↓

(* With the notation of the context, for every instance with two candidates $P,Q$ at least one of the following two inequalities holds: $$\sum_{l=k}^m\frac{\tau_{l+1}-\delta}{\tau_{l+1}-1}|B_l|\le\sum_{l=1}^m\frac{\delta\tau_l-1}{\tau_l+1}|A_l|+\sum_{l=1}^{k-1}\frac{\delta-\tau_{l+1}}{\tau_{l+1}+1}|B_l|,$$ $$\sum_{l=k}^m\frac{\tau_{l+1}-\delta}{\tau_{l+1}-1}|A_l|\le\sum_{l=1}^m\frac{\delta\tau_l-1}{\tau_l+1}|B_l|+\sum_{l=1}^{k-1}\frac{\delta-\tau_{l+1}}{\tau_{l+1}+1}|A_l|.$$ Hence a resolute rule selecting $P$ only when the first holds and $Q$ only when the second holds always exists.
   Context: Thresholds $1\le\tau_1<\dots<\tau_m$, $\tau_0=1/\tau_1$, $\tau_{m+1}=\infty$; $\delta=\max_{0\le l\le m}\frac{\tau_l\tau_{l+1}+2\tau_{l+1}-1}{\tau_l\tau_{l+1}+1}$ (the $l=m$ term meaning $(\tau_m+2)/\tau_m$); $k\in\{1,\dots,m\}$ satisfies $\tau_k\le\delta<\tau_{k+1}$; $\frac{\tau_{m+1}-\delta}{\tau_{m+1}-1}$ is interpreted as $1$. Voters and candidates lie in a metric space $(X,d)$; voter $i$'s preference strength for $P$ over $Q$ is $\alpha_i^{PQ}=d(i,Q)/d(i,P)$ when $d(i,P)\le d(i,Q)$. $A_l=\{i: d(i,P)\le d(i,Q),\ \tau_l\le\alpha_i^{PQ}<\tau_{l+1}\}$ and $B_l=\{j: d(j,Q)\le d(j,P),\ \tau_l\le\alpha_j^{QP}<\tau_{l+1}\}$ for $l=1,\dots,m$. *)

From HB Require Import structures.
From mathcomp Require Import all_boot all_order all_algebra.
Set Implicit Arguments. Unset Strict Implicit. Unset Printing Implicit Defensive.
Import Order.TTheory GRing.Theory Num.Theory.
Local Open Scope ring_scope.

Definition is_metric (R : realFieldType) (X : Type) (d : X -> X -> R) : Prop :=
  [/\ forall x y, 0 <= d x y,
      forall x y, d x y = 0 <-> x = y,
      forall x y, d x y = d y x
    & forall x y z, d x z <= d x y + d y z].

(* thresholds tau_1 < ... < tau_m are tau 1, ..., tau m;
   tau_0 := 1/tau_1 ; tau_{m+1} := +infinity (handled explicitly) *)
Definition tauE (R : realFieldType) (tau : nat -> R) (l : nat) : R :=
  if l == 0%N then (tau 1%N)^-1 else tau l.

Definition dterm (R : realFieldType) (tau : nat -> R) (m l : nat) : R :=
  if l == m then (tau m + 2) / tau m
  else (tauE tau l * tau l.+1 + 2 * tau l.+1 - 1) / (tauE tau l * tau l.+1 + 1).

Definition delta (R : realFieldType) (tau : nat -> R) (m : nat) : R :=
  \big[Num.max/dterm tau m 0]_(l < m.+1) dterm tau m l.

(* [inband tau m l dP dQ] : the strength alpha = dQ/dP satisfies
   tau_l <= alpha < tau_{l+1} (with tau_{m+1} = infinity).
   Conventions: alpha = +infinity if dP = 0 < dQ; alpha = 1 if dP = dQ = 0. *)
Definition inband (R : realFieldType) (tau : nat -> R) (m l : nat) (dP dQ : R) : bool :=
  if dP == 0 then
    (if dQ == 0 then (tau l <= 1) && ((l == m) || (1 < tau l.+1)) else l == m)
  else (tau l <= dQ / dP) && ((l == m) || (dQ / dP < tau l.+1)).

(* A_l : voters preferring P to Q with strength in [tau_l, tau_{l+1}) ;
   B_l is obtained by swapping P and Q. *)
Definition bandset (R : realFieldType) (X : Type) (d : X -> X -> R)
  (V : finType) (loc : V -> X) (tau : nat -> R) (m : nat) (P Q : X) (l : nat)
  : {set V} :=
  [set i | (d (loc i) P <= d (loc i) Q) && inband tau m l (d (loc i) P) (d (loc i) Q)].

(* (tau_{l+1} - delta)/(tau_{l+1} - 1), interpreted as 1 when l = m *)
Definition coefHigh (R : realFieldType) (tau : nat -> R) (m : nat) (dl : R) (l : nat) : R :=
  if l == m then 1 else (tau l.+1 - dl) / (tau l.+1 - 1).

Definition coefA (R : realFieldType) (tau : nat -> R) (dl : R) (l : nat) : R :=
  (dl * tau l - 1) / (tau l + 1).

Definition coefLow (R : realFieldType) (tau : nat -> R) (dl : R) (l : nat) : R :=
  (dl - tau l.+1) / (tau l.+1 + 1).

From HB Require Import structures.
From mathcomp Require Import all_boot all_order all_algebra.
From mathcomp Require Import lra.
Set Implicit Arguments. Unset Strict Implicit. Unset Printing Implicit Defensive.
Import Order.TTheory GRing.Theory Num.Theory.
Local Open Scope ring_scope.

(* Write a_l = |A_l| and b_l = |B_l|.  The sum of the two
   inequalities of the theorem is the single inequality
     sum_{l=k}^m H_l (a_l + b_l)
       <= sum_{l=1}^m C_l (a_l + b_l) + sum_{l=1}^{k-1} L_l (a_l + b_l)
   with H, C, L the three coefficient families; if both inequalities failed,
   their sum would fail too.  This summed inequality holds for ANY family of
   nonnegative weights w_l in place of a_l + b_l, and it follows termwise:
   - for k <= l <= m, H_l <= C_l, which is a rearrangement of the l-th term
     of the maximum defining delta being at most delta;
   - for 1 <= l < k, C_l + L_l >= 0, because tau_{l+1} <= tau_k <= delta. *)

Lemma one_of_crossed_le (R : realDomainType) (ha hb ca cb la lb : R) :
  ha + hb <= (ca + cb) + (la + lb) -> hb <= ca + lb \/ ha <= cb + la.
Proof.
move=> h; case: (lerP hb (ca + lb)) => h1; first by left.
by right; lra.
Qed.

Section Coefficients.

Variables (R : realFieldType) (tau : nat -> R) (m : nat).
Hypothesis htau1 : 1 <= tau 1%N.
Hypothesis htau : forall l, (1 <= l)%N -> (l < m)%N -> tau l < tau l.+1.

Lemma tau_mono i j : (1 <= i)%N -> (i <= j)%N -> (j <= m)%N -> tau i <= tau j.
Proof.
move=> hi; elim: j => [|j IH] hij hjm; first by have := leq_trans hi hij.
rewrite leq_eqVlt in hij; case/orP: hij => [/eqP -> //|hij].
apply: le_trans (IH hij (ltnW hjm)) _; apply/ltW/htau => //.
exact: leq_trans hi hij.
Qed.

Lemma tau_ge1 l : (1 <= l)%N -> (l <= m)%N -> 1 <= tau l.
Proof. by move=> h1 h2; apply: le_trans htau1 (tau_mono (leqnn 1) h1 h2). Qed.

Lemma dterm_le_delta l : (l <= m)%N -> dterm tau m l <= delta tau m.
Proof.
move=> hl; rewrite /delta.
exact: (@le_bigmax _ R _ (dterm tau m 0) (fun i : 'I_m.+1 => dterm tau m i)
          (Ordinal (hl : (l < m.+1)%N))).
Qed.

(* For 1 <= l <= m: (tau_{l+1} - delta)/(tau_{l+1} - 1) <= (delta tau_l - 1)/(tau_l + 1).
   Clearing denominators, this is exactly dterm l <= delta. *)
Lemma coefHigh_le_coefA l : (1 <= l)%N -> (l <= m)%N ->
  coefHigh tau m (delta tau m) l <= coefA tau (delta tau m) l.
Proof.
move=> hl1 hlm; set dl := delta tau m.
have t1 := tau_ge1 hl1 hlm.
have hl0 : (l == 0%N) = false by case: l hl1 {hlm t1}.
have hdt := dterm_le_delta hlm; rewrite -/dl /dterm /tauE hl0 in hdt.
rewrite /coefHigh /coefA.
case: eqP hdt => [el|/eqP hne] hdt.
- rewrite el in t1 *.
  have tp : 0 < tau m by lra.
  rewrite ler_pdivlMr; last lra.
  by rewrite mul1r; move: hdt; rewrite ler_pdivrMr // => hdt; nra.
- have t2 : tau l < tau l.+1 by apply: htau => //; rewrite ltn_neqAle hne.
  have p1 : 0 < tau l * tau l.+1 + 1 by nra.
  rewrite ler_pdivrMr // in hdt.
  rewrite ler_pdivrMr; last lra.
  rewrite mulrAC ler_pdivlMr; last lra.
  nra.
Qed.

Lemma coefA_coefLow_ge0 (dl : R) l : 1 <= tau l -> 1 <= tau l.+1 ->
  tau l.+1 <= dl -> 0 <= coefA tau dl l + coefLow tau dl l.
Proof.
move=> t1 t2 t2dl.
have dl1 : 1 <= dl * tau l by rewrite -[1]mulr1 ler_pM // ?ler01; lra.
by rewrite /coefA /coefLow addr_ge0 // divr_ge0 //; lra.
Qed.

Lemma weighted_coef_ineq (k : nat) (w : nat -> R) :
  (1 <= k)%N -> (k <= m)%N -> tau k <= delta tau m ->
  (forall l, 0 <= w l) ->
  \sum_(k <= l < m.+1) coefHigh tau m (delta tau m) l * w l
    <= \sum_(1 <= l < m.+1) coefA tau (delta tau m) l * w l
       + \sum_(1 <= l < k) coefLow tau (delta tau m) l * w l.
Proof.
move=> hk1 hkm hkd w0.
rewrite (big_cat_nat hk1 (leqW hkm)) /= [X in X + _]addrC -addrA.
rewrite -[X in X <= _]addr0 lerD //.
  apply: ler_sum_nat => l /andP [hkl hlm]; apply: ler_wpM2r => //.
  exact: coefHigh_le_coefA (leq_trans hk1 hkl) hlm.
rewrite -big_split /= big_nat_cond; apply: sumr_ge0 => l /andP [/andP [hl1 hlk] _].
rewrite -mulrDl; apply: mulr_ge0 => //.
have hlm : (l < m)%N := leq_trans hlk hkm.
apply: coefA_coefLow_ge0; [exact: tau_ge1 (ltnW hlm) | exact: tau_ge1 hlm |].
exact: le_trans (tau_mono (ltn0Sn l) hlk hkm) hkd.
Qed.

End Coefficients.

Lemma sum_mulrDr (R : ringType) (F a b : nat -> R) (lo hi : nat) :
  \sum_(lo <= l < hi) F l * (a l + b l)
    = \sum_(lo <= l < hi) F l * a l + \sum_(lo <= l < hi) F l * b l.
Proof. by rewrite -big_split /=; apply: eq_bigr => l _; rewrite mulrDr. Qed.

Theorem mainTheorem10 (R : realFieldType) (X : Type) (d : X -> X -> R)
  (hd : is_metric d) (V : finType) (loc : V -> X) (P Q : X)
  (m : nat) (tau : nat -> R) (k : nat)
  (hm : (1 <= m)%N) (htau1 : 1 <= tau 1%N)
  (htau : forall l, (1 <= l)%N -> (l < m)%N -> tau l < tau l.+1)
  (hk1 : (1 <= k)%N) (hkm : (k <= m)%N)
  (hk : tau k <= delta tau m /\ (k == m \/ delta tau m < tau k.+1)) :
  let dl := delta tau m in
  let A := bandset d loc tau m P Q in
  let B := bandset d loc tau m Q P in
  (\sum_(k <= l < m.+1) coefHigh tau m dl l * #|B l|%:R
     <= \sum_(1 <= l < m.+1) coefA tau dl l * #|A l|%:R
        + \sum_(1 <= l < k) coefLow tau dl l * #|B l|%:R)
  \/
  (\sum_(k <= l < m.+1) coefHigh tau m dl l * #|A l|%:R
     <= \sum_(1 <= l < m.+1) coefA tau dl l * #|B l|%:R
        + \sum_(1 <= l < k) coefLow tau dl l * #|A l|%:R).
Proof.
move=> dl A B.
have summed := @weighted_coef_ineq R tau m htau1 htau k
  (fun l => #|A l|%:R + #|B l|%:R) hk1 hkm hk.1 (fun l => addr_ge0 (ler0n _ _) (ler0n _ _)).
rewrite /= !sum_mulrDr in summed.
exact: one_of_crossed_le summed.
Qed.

↑
↓

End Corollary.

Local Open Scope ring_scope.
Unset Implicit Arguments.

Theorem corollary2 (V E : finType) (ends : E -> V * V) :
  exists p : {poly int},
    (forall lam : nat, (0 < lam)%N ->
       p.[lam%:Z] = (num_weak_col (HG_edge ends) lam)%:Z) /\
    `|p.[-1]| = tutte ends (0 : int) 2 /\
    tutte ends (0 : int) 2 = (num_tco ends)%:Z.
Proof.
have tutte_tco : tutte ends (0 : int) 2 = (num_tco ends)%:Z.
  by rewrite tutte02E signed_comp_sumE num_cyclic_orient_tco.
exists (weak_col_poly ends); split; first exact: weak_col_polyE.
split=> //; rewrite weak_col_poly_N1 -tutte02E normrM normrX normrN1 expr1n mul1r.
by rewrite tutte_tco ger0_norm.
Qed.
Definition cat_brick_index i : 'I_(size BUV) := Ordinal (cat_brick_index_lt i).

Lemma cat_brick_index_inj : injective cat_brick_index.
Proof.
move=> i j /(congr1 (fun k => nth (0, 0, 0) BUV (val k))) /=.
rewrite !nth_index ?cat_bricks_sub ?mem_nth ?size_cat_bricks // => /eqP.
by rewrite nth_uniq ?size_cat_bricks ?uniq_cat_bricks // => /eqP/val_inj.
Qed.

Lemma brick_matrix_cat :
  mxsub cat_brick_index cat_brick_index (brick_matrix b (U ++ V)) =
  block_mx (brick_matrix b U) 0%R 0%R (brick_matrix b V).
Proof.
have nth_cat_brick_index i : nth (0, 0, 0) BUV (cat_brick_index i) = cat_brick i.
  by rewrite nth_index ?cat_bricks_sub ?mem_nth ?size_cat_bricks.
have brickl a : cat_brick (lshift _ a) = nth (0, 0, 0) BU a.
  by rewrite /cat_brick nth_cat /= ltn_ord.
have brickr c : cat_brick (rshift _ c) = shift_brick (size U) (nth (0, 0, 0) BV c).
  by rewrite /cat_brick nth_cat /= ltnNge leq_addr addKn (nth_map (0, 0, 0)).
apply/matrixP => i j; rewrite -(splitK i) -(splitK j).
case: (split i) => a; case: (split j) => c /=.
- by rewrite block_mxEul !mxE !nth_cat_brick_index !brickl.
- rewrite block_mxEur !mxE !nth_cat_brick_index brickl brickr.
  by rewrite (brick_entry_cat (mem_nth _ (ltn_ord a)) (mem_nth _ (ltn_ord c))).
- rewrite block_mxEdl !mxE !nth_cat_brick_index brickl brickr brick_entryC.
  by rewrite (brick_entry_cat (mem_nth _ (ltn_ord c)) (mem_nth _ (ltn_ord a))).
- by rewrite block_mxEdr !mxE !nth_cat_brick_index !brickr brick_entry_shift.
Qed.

↑

What to produce
If a line of the data above contains "inband", copy it out.

Task solution
(* [inband tau m l dP dQ] : the strength alpha = dQ/dP satisfies
Definition inband (R : realFieldType) (tau : nat -> R) (m l : nat) (dP dQ : R) : bool :=
  [set i | (d (loc i) P <= d (loc i) Q) && inband tau m l (d (loc i) P) (d (loc i) Q)].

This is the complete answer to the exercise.